The 21-year-old was found dead in a septic tank at the Lions Court Hotel in Nanyuki, north of Nairobi, two months after she disappeared.
A soldier allegedly confessed to the killing to his colleagues, and one of them reported the incident to senior officers at the time – but no action was taken.
A soldier from the Duke of Lancaster’s Regiment said: “She was in the [septic] tank.
“He took me to the tank and I looked in and I just remember seeing her in there. My heart sank… The only thing I could say to him was, ‘I’ll never forgive you for this’.”
The British Army held no inquiry and none of the soldiers present have been questioned by their superiors – despite a judge in Kenya, ruling that Agnes was “murdered by British soldiers”. She subsequently ordered two criminal inquiries.

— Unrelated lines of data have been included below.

(* Let $L$ be a reduced Latin square of order $n$ with rows $\sigma_1,\dots,\sigma_n$ (as permutations), and let $\Theta=(\alpha,\beta,\gamma)\in\mathfrak A(L)$. Then for each $i=1,\dots,n$, the permutation $\sigma_{\alpha^{-1}(1)}^{-1}\sigma_{\alpha^{-1}(i)}$ has the same cycle structure as $\sigma_i$.
   Context: A Latin square of order $n$ is an $n\times n$ array with entries in $[n]$, each symbol once in each row and column. Permutations compose right to left. An isotopism $(\alpha,\beta,\gamma)\in S_n^3$ acts by $(\alpha,\beta,\gamma)(L)=L'$ with $L'(\alpha(r),\beta(c))=\gamma(L(r,c))$; $\mathfrak A(L)=\{\Theta\in S_n^3:\Theta(L)=L\}$ is the autotopy group. Rows and columns are viewed as permutations: if symbol $i$ appears in the $j$th place of a row (column) $\sigma$, then $\sigma(i)=j$; so row $r$ is $\sigma_r$ with $\sigma_r(L(r,c))=c$. $L$ is reduced if its first row and first column are the identity permutation. The cycle structure of a permutation is the multiset of lengths of the cycles in its disjoint cycle decomposition. *)

From mathcomp Require Import all_boot all_fingroup.
Set Implicit Arguments. Unset Strict Implicit. Unset Printing Implicit Defensive.
Local Open Scope group_scope.

(* A Latin square of order n on symbols 'I_n (symbol k <-> k+1 of the paper). *)
Record latin_square (n : nat) := LatinSquare {
  ls_entry :> 'I_n -> 'I_n -> 'I_n;
  ls_row_inj : forall r, injective (ls_entry r);
  ls_col_inj : forall c, injective (fun r => ls_entry r c) }.

Definition row_perm n (L : latin_square n) (r : 'I_n) : {perm 'I_n} :=
  (perm (@ls_row_inj n L r))^-1.

Definition reduced n (L : latin_square n.+1) : Prop :=
  (forall c, L ord0 c = c) /\ (forall r, L r ord0 = r).

Definition autotopy n (L : latin_square n) (a b g : {perm 'I_n}) : Prop :=
  forall r c, L (a r) (b c) = g (L r c).

Definition cycle_structure (T : finType) (s : {perm T}) : seq nat :=
  [seq #|X| | X : {set T} <- enum (porbits s)].

Definition same_cycle_structure (T : finType) (s t : {perm T}) : bool :=
  perm_eq (cycle_structure s) (cycle_structure t).

From mathcomp Require Import all_boot all_fingroup.
Set Implicit Arguments. Unset Strict Implicit. Unset Printing Implicit Defensive.
Local Open Scope group_scope.

(* An autotopy (a, b, g) rewrites row a(r) as sigma_(a r) = b sigma_r g^-1
   (right to left); since the first row of a reduced square is the identity,
   b = g sigma_(a^-1 1)^-1, and substituting gives
   sigma_(a^-1 1)^-1 sigma_(a^-1 i) = g^-1 sigma_i g.  Conjugate permutations
   have the same cycle structure, as conjugation by g maps cycles to cycles. *)

Section CycleStructureConjugation.

Variable T : finType.

Lemma porbitJ (s t : {perm T}) x : porbit (s ^ t) (t x) = t @: porbit s x.
Proof.
apply/setP=> z; apply/porbitP/imsetP.
  by case=> k ->; exists ((s ^+ k) x); rewrite ?mem_porbit // -conjXg permJ.
by case=> y /porbitP [k ->] ->; exists k; rewrite -conjXg permJ.
Qed.

Lemma porbitsJ (s t : {perm T}) :
  porbits (s ^ t) = (fun X : {set T} => t @: X) @: porbits s.
Proof.
apply/setP=> Z; apply/imsetP/imsetP=> [[y _ ->] | [X /imsetP [x _ ->] ->]].
  by exists (porbit s (t^-1 y)); rewrite ?imset_f // -porbitJ permKV.
by exists (t x); rewrite ?porbitJ.
Qed.

Lemma same_cycle_structureJ (s t : {perm T}) : same_cycle_structure (s ^ t) s.
Proof.
pose image_by_t (X : {set T}) := t @: X.
have image_by_t_inj : injective image_by_t by apply/imset_inj/perm_inj.
have enum_porbitsJ : perm_eq (enum (porbits (s ^ t)))
                             (map image_by_t (enum (porbits s))).
  apply: uniq_perm; rewrite ?enum_uniq ?map_inj_uniq ?enum_uniq // porbitsJ.
  move=> Z; rewrite mem_enum; apply/imsetP/mapP=> -[X];
    by [rewrite -mem_enum; exists X | rewrite mem_enum; exists X].
rewrite /same_cycle_structure /cycle_structure.
apply: perm_trans (perm_map _ enum_porbitsJ) _.
rewrite -map_comp (eq_map (g := fun X : {set T} => #|X|)) // => X /=.
by rewrite card_imset //; apply: perm_inj.
Qed.

End CycleStructureConjugation.

Section RowPermutations.

Variables (n : nat) (L : latin_square n).

Lemma row_permE r c : row_perm L r (L r c) = c.
Proof. by rewrite /row_perm -[L r c](permE (@ls_row_inj n L r)) permK. Qed.

Lemma row_permK r x : L r (row_perm L r x) = x.
Proof. by rewrite /row_perm -[RHS](permKV (perm (@ls_row_inj n L r)) x) permE. Qed.

Lemma row_perm_autotopy (a b g : {perm 'I_n}) :
  autotopy L a b g -> forall r, row_perm L (a r) = g^-1 * row_perm L r * b.
Proof.
move=> autoL r; apply/permP=> x; set c := row_perm L r (g^-1 x).
have -> : x = L (a r) (b c) by rewrite autoL row_permK permKV.
by rewrite row_permE !permM autoL permK row_permE.
Qed.

End RowPermutations.

Lemma row_perm_reduced n (L : latin_square n.+1) :
  reduced L -> row_perm L ord0 = 1.
Proof. by case=> row0 _; apply/permP=> c; rewrite -{1}[c]row0 row_permE perm1. Qed.

Theorem lemma5p1 (n : nat) (L : latin_square n.+1) (a b g : {perm 'I_n.+1}) :
  reduced L -> autotopy L a b g ->
  forall i : 'I_n.+1,
    same_cycle_structure
      (row_perm L (a^-1 i) * (row_perm L (a^-1 ord0))^-1)
      (row_perm L i).
Proof.
move=> redL autoL i.
have row_autotopy r : row_perm L r = g^-1 * row_perm L (a^-1 r) * b.
  by rewrite -(row_perm_autotopy autoL) permKV.
have b_eq : b = (row_perm L (a^-1 ord0))^-1 * g.
  rewrite -[b](mulKg (row_perm L (a^-1 ord0))); congr (_ * _).
  by apply: (mulgI g^-1); rewrite mulVg mulgA -row_autotopy row_perm_reduced.
have row_i_conj : row_perm L i =
    (row_perm L (a^-1 i) * (row_perm L (a^-1 ord0))^-1) ^ g.
  by rewrite (row_autotopy i) b_eq conjgE !mulgA.
by rewrite row_i_conj /same_cycle_structure perm_sym; apply: same_cycle_structureJ.
Qed.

Labour yesterday demanded an inquiry amid claims Kenyan police did not receive the help they needed.
John Healey, Labour’s Shadow Defence Secretary, said: “There’s been no MOD-led investigation of the soldiers involved and no inquiry into why the MOD failed to respond when Kenyan detectives asked for help.
“Nine years on, justice must now be done for Agnes and her family.
“The Defence Secretary must launch an inquiry into any possible cover-up from commanding officers, military police or the MOD.”
The MOD yesterday said a Kenyan inquest concluded in 2019, adding: “We are currently in discussions with the Kenyan authorities to determine what support is needed.”
A source at the MOD added: “The Defence Secretary is impatient with the pace of this and has directed full cooperation.
“He is working with the military and Kenyan Police to ensure their investigation is not impeded.”